What I could do is to make the recovery possible after the namenode failure occurs. Below is the procedure that I'm using. The goal of the procedure is to be able to recover the namenode as quickly as possible while minimizing data loss. Hope this is useful for other as well.
Procedures:
- make sure hadoop dfs is off
- backup the directories listed in hdfs-site.xml under the property name 'dfs.name.dir' (from namenode server) and 'fs.checkpoint.dir' (from secondary namenode server) in a safe location. Optionally, diff all the fsimage and edits across different copies to get a sense how many unique copies of the metadata you can recover from and possibly start with the one with a timstamp closing to the current time.
- remove all remote locations listed in 'dfs.name.dir' and leave the local location (if there are more than one local locations, leave 1 from the list) in a machine that takes up the responsibility of a new namenode.
- restart hadoop dfs
- check the status page located in the namenode:50070: if the reported block ratio cannot reach 100%, stop hdfs and replace the meta data from another location (possibly a remote location/secondary namenode location if there are no other local locations). Note that always leave only 1 location in the 'dfs.name.dir'. If there is no more location to try, go to step 7. Otherwise, it is done.
- Start hdfs until step 5 is true.
- Select one meta data from all the locations which has the highest reported block ratio, copy this meta data into a local location (if it is not the local one) and empty the content inside the remote locations
- List the location which has the highest reported block ratio first in the 'dfs.name.dir' property and append it with the remote empty locations.
- start hdfs
- use 'bin/hadoop fsck /' to check the health of the cluster.

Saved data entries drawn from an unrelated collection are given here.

Lemma Sg2_subuniv (a b : A) : subuniv (Sg2 a b).
Proof. by rewrite /Sg2 /Sg => o x Hx U hU hB; apply: (hU) => i; exact: (Hx i U hU hB). Qed.

Lemma Sg2_l (a b : A) : Sg2 a b a.
Proof. by rewrite /Sg2 /Sg =>  U _ hB; apply: hB; left. Qed.

Lemma Sg2_r (a b : A) : Sg2 a b b.
Proof. by rewrite /Sg2 /Sg =>  U _ hB; apply: hB; right. Qed.

Lemma Sg2_min (U : A -> Prop) (a b : A) :
  subuniv U -> U a -> U b -> forall x, Sg2 a b x -> U x.
Proof. by move=> hU ha hb x Hx; apply: Hx => // y [->|->]. Qed.

Lemma Sg2_trans (a y e : A) : Sg2 a y e -> forall z, Sg2 a e z -> Sg2 a y z.
Proof. by move=> He; apply: Sg2_min => //; [exact: Sg2_subuniv | exact: Sg2_l]. Qed.

End TwoGenerated.
Arguments Sg2_subuniv {s A} a b.
Arguments Sg2_l {s A} a b.
Arguments Sg2_r {s A} a b.

Lemma Sg2_image s (A C : algebra s) (f : A -> C) (x y z : A) :
  Defs.hom f -> Sg2 x y z -> Sg2 (f x) (f y) (f z).
Proof.
move=> hf; apply: (Sg2_min (U := fun w => Sg2 (f x) (f y) (f w))).
- by move=> o xs Hx; rewrite hf; apply: Sg2_subuniv => i; rewrite ffunE; exact: Hx.
- exact: Sg2_l.
- exact: Sg2_r.
Qed.

Lemma Sg2_preimage s (A C : algebra s) (f : A -> C) (x y : A) w :
  Defs.hom f -> Sg2 (f x) (f y) w -> exists z, Sg2 x y z /\ f z = w.
Proof.
move=> hf; apply: (Sg2_min (U := fun w => exists z, Sg2 x y z /\ f z = w)).
- move=> o ys Hy; have [zf Hz] := fin_all_exists Hy.
  exists (interp o [ffun i => zf i]); split.
    by apply: Sg2_subuniv => i; rewrite ffunE; case: (Hz i).
  by rewrite hf; congr (interp o _); apply/ffunP=> i; rewrite !ffunE; case: (Hz i).
- by exists x; split => //; exact: Sg2_l.
- by exists y; split => //; exact: Sg2_r.
Qed.

Lemma coord_hom s (J : finType) (A : J -> algebra s) (j : J) :
  Defs.hom (fun x : prod_alg A => (x j : A j)).
Proof. by move=> o x /=; rewrite ffunE. Qed.

Lemma proj_hom s n (A : 'I_n -> algebra s) (I : {set 'I_n}) :
  Defs.hom (proj (A := A) I).
Proof.
move=> o x; apply/ffunP=> j; rewrite /proj /= !ffunE.
by congr (interp o _); apply/ffunP=> i; rewrite !ffunE.
Qed.

Lemma ev2_coord s (J : finType) (A : J -> algebra s) t (x y : prod_alg A) j :
  ev2 t x y j = ev2 t (x j) (y j).
Proof. exact: (ev2_hom t x y (coord_hom (A := A) j)). Qed.

Lemma ev3_coord s (J : finType) (A : J -> algebra s) t (x y z : prod_alg A) j :
  ev3 t x y z j = ev3 t (x j) (y j) (z j).
Proof. exact: (ev3_hom t x y z (coord_hom (A := A) j)). Qed.

Definition predb (T : finType) (P : T -> Prop) : {pred T} :=
  [pred x | if excluded_middle_informative (P x) then true else false].

Lemma predbP (T : finType) (P : T -> Prop) x : x \in predb P <-> P x.
Proof. by rewrite inE; case: excluded_middle_informative. Qed.

Lemma card_predb_mono (T : finType) (S1 S2 : T -> Prop) :
  (forall x, S1 x -> S2 x) -> #|predb S1| <= #|predb S2|.
Proof. by move=> H; apply: subset_leq_card; apply/subsetP => x /predbP /H /predbP. Qed.

Lemma card_predb_absorb (T : finType) (S1 S2 : T -> Prop) :
  (forall x, S1 x -> S2 x) -> #|predb S2| <= #|predb S1| -> forall x, S2 x -> S1 x.
Proof.
move=> H12 Hc.
have sub : predb S1 \subset predb S2 by apply/subsetP => x /predbP /H12 /predbP.
have := (subset_leqif_card sub).2; rewrite eqn_leq Hc (subset_leq_card sub).
by move=> /esym/subsetP HS x /predbP/HS/predbP.
Qed.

- Pay attention to the corrupted/missing blocks
- leave safemode by executing 'bin/hadoop dfsadmin -safemode leave' and then move all the corrupted and missing blocks to lost+found folder by executing 'bin/hadoop fsck -move'
- check the health of the cluster using 'bin/hadoop fsck /', the cluster is now healthy.
Configurations:
Also, we also notice that some configurations are very important to hadoop and hbase (0.90.4) reliability and they are:
Name: dfs.http.address
Description: put this property in hdfs-site.xml where the secondary namenode is hosted. The value is the number of seconds between two periodic checkpoints.
Name: dfs.support.append
Value: true
Description: put this property in hdfs-site.xml and hbase-site.xml across the entire cluster. This property enables durable sync to minimize data loss when namenode fails.